Lemma grad_diff_ratio_le_L2 n f a b :
  (a < 2 ^ n)%nat -> (b < 2 ^ n)%nat -> a <> b -> grad_diff_ratio n f a b <= L2 n f.
Proof.
  intros Ha Hb Hab. unfold L2.
  eapply Rle_trans; [|apply (rmaxl_ge _ _ _ a Ha)].
  eapply Rle_trans; [|apply (rmaxl_ge _ _ _ b Hb)].
  cbv beta. destruct (Nat.eqb_spec a b); [lia|lra].
Qed.

Lemma norm1_upd_diff n x i : (i < n)%nat ->
  norm1 n (fun j => upd x i 1 j - upd x i (-1) j) = 2.
Proof.
  intros Hi. unfold norm1.
  rewrite (rsum_single n i) by (auto; intros; rewrite !upd_neq, Rminus_diag by auto;
    apply Rabs_R0).
  rewrite !upd_eq. replace (1 - -1) with 2 by ring. apply Rabs_pos_eq. lra.
Qed.

Lemma norm1_grad_diff_le n f y i : on_cube n y -> (i < n)%nat ->
  norm1 n (fun j => dpart f j (upd y i 1) - dpart f j (upd y i (-1))) <= 2 * L2 n f.
Proof.
  intros [k [Hk ->]] Hi.
  assert (Hsc : Nat.setbit k i <> Nat.clearbit k i).
  { intros E. pose proof (Nat.setbit_eq k i) as Hs.
    rewrite E, Nat.clearbit_eq in Hs. discriminate. }
  pose proof (grad_diff_ratio_le_L2 n f _ _
    (setbit_lt_pow2 k i n Hk Hi) (clearbit_lt_pow2 k i n Hk) Hsc) as HL.
  unfold grad_diff_ratio in HL.
  rewrite <- upd_cube_pt_1, <- upd_cube_pt_m1, norm1_upd_diff in HL by auto.
  lra.
Qed.

Lemma dpart_norm1_tanh_grad_le n f (m : vec) y i : on_cube n y -> (i < n)%nat ->
  Rabs (dpart (fun y => norm1 n (fun j => tanh (dpart f j y) - m j)) i y) <= L2 n f.
Proof.
  intros Hy Hi.
  pose proof (norm1_grad_diff_le n f y i Hy Hi) as HG.
  unfold dpart at 1, norm1 at 1 2, Rdiv.
  rewrite <- rsum_minus, Rabs_mult, (Rabs_pos_eq (/ 2)) by lra.
  enough (rsum_abs_le : Rabs (rsum n (fun j =>
      Rabs (tanh (dpart f j (upd y i 1)) - m j) - Rabs (tanh (dpart f j (upd y i (-1))) - m j)))
    <= norm1 n (fun j => dpart f j (upd y i 1) - dpart f j (upd y i (-1)))) by lra.
  eapply Rle_trans; [apply rsum_abs|]. apply rsum_le. intros j _.
  eapply Rle_trans; [apply Rabs_triang_inv2|].
  replace (tanh (dpart f j (upd y i 1)) - m j - (tanh (dpart f j (upd y i (-1))) - m j))
    with (tanh (dpart f j (upd y i 1)) - tanh (dpart f j (upd y i (-1)))) by ring.
  apply tanh_lipschitz.
Qed.

(** * Tilted Gibbs measures *)

Lemma dot_upd_diff n (a x : vec) i : (i < n)%nat ->
  dot n a (upd x i 1) - dot n a (upd x i (-1)) = 2 * a i.
Proof.
  intros Hi. unfold dot. rewrite <- rsum_minus.
  rewrite (rsum_single n i) by (auto; intros; rewrite !upd_neq by auto; ring).
  rewrite !upd_eq. ring.
Qed.

Lemma gibbs_pos n f x : 0 < gibbs n f x.
Proof.
  apply Rdiv_lt_0_compat; [apply exp_pos|].
  apply rsum_pos; [apply ncube_pos | intros; apply exp_pos].
Qed.

Section Tilt.

Variables (n : nat) (theta : vec) (p : vec -> R).
Hypothesis p_pos : forall x, on_cube n x -> 0 < p x.

Lemma tilt_normalizer_pos : 0 < expect n p (fun y => exp (dot n theta y)).
Proof.
  rewrite expect_cube_sum. apply cube_sum_pos. intros.
  apply Rmult_lt_0_compat; [auto | apply exp_pos].
Qed.

Lemma tilt_pos x : on_cube n x -> 0 < tilt n theta p x.
Proof.
  intros Hx. pose proof tilt_normalizer_pos.
  apply Rdiv_lt_0_compat; auto. apply Rmult_lt_0_compat; [auto | apply exp_pos].
Qed.

Lemma tilt_mass : expect n (tilt n theta p) (fun _ => 1) = 1.
Proof.
  pose proof tilt_normalizer_pos.
  transitivity (/ expect n p (fun y => exp (dot n theta y))
                * expect n p (fun y => exp (dot n theta y))).
  - rewrite <- expect_scal. apply rsum_ext. intros. unfold tilt. field. lra.
  - field. lra.
Qed.

End Tilt.

Lemma dpart_log_dens_tilt_gibbs n f theta i x : (i < n)%nat ->
  dpart (log_dens n (tilt n theta (gibbs n f))) i x = dpart f i x + theta i.
Proof.
  intros Hi.
  set (Zg := rsum (ncube n) (fun k => exp (f (cube_pt k)))).
  set (Z := expect n (gibbs n f) (fun y => exp (dot n theta y))).
  assert (HZg : 0 < Zg) by (apply rsum_pos; [apply ncube_pos | intros; apply exp_pos]).
  assert (HZ : 0 < Z) by (apply tilt_normalizer_pos; intros; apply gibbs_pos).
  pose proof (lt_0_INR _ (ncube_pos n)).
  assert (E : forall y, log_dens n (tilt n theta (gibbs n f)) y
                        = ln (INR (ncube n) / (Zg * Z)) + (f y + dot n theta y)).
  { intros y. unfold log_dens, tilt. fold Z. unfold gibbs. fold Zg.
    rewrite <- ln_exp with (f y + dot n theta y), <- ln_mult
      by (try apply exp_pos; apply Rdiv_lt_0_compat; nra).
    f_equal. rewrite exp_plus. field. lra. }
  unfold dpart. rewrite !E. pose proof (dot_upd_diff n theta x i Hi). lra.
Qed.

Lemma expect_norm1_tanh_tilt_le n f theta (m : vec) :
  expect n (tilt n theta (gibbs n f)) (fun y => norm1 n (fun i => tanh (dpart f i y) - m i))
  <= rsum n (fun k => expect n (tilt n theta (gibbs n f))
                       (fun x => Rabs (cond_mean n (tilt n theta (gibbs n f)) k x - m k)))
     + norm1 n theta.
Proof.
  set (p := tilt n theta (gibbs n f)).
  assert (Hp : forall x, on_cube n x -> 0 < p x)
    by (apply tilt_pos; intros; apply gibbs_pos).
  rewrite <- (Rmult_1_r (norm1 n theta)), <- (tilt_mass n theta (gibbs n f)),
    <- expect_const, <- expect_rsum, <- expect_plus
    by (intros; apply gibbs_pos).
  apply expect_le; [intros; left; auto|]. intros x _.
  unfold norm1. rewrite <- rsum_plus. apply rsum_le. intros i Hi.
  unfold cond_mean, p. rewrite dpart_log_dens_tilt_gibbs by auto.
  pose proof (tanh_lipschitz (dpart f i x) (dpart f i x + theta i)) as Ht.
  replace (dpart f i x - (dpart f i x + theta i)) with (- theta i) in Ht by ring.
  rewrite Rabs_Ropp in Ht.
  replace (tanh (dpart f i x) - m i) with
    ((tanh (dpart f i x) - tanh (dpart f i x + theta i)) + (tanh (dpart f i x + theta i) - m i))
    by ring.
  eapply Rle_trans; [apply Rabs_triang|]. lra.
Qed.

Lemma norm1_le_of_norm2_le n (a : vec) c :
  norm2 n a <= c * sqrt (INR n) -> norm1 n a <= c * INR n.
Proof.
  unfold norm2, norm1. intros Ha.
  set (Q := rsum n (fun i => a i ^ 2)) in Ha.
  assert (HQ : 0 <= Q) by (apply rsum_nonneg; intros; apply pow2_ge_0).
  pose proof (sqrt_pos Q). pose proof (sqrt_pos (INR n)). pose proof (pos_INR n).
  pose proof (sqrt_sqrt (INR n) ltac:(lra)) as Hn.
  assert (HQc : Q <= c ^ 2 * INR n).
  { rewrite <- (pow2_sqrt Q HQ), <- Hn. nra. }
  pose proof (rsum_sq_le n (fun i => Rabs (a i))) as Hcs. cbv beta in Hcs.
  rewrite (rsum_ext n (fun i => Rabs (a i) ^ 2) (fun i => a i ^ 2)) in Hcs
    by (intros; apply pow2_abs).
  assert (0 <= rsum n (fun i => Rabs (a i))) by (apply rsum_nonneg; intros; apply Rabs_pos).
  assert (0 <= c * INR n) by (rewrite <- Hn; nra).
  apply Rsqr_incr_0_var; [unfold Rsqr; fold Q in Hcs; nra | auto].
Qed.

Lemma pw_nonneg x a : 0 <= pw x a.
Proof. unfold pw. destruct (Rlt_dec 0 x); [left; apply exp_pos | lra]. Qed.

Lemma pw_pos x a : 0 < x -> 0 < pw x a.
Proof. intros. unfold pw. destruct (Rlt_dec 0 x); [apply exp_pos | lra]. Qed.

Lemma pw_two_thirds x : pw x (2/3) = pw x (1/3) ^ 2.
Proof.
  unfold pw. destruct (Rlt_dec 0 x); [|simpl; ring].
  replace (2/3) with (1/3 + 1/3) by field. rewrite Rpower_plus. ring.
Qed.

Lemma mul_pw_one_third x : 0 <= x -> x * pw x (1/3) = pw x (2/3) ^ 2.
Proof.
  intros Hx. unfold pw. destruct (Rlt_dec 0 x); [|simpl; ring].
  rewrite <- (Rpower_1 x) at 1 by auto. rewrite <- Rpower_plus. simpl.
  rewrite Rmult_1_r, <- Rpower_plus. f_equal. field.
Qed.

Lemma sqrt_mul_le_pw x D eps T : 0 <= x -> 0 < eps ->
  T <= 256 * (pw x (1/3) * pw D (2/3) / pw eps (2/3)) ->
  sqrt (x * T) <= 16 * (pw x (2/3) * pw D (1/3) / pw eps (1/3)).
Proof.
  intros Hx Heps HT.
  pose proof (pw_pos eps (1/3) Heps).
  set (Y := pw x (2/3) * pw D (1/3) / pw eps (1/3)).
  assert (HY : 0 <= Y).
  { apply Rmult_le_pos; [apply Rmult_le_pos; apply pw_nonneg|].
    left. apply Rinv_0_lt_compat. auto. }
  rewrite <- (sqrt_pow2 (16 * Y)) by lra. apply sqrt_le_1_alt.
  apply Rle_trans with (x * (256 * (pw x (1/3) * pw D (2/3) / pw eps (2/3)))).
  { apply Rmult_le_compat_l; auto. }
  rewrite (pw_two_thirds D), (pw_two_thirds eps).
  replace (x * (256 * (pw x (1/3) * pw D (1/3) ^ 2 / pw eps (1/3) ^ 2)))
    with (256 * (x * pw x (1/3)) * pw D (1/3) ^ 2 / pw eps (1/3) ^ 2) by (field; lra).
  rewrite mul_pw_one_third by auto. unfold Y. right. field. lra.
Qed.

Theorem mainTheorem6 (n : nat) (f : vec -> R) (D eps : R) (theta : vec) :
  is_Df n f D ->
  0 < eps ->
  norm2 n theta <= eps * sqrt (INR n) ->
  (forall i : nat, (i < n)%nat -> Rabs (theta i) <= / 4) ->
  trace n (Hmat n (tilt n theta (gibbs n f)))
    <= 256 * (pw (INR n) (1/3) * pw D (2/3) / pw eps (2/3)) ->
  expect n (xi_theta n f theta)
    (fun y => norm1 n (fun i => tanh (dpart f i y)
                               - expect n (xi_theta n f theta) (fun z => z i)))
  <= 64 * L2 n f * (pw (INR n) (2/3) * pw D (1/3) / pw eps (1/3)) + eps * INR n.
Proof.
  intros _ Heps Htheta _ Htrace.
  set (p := tilt n theta (gibbs n f)) in *.
  set (m := fun i => expect n p (fun x => x i)).
  assert (Hp : forall x, on_cube n x -> 0 < p x) by (apply tilt_pos; intros; apply gibbs_pos).
  assert (Hmass : expect n p (fun _ => 1) = 1) by (apply tilt_mass; intros; apply gibbs_pos).
  change (xi_theta n f theta) with (prod_meas n m).
  rewrite (expect_ext n _ _ (fun y => norm1 n (fun i => tanh (dpart f i y) - m i)))
    by (intros; apply rsum_ext; intros; rewrite expect_prod_coord; auto).
  set (S := rsum n (fun k => expect n p (fun x => Rabs (cond_mean n p k x - m k)))).
  pose proof (expect_prod_meas_le n p Hp Hmass m _ (L2 n f)
    (fun j _ => expect_coord_bound n p Hp Hmass j)
    (fun y i => dpart_norm1_tanh_grad_le n f m y i)) as Hstein.
  pose proof (expect_norm1_tanh_tilt_le n f theta m) as Hshift.
  fold p in Hshift. fold S in Hstein, Hshift.
  pose proof (norm1_le_of_norm2_le n theta eps Htheta).
  assert (HS : S <= 16 * (pw (INR n) (2/3) * pw D (1/3) / pw eps (1/3))).
  { eapply Rle_trans; [apply rsum_expect_abs_dev_le; auto|].
    apply sqrt_mul_le_pw; auto using pos_INR. }
  assert (0 <= S).
  { apply rsum_nonneg. intros. apply expect_nonneg; intros; [left; auto | apply Rabs_pos]. }
  pose proof (L2_ge_1 n f).
  set (Y := pw (INR n) (2/3) * pw D (1/3) / pw eps (1/3)) in *.
  assert (L2 n f * S <= L2 n f * (16 * Y)) by (apply Rmult_le_compat_l; lra).
  assert (0 <= (L2 n f - 1) * Y) by (apply Rmult_le_pos; lra).
  nra.
Qed.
- - -
- [What the exercise asks]
The answer must consist solely of the number of lines in the entries that contain the word "Hshift".

- [Answer section]
2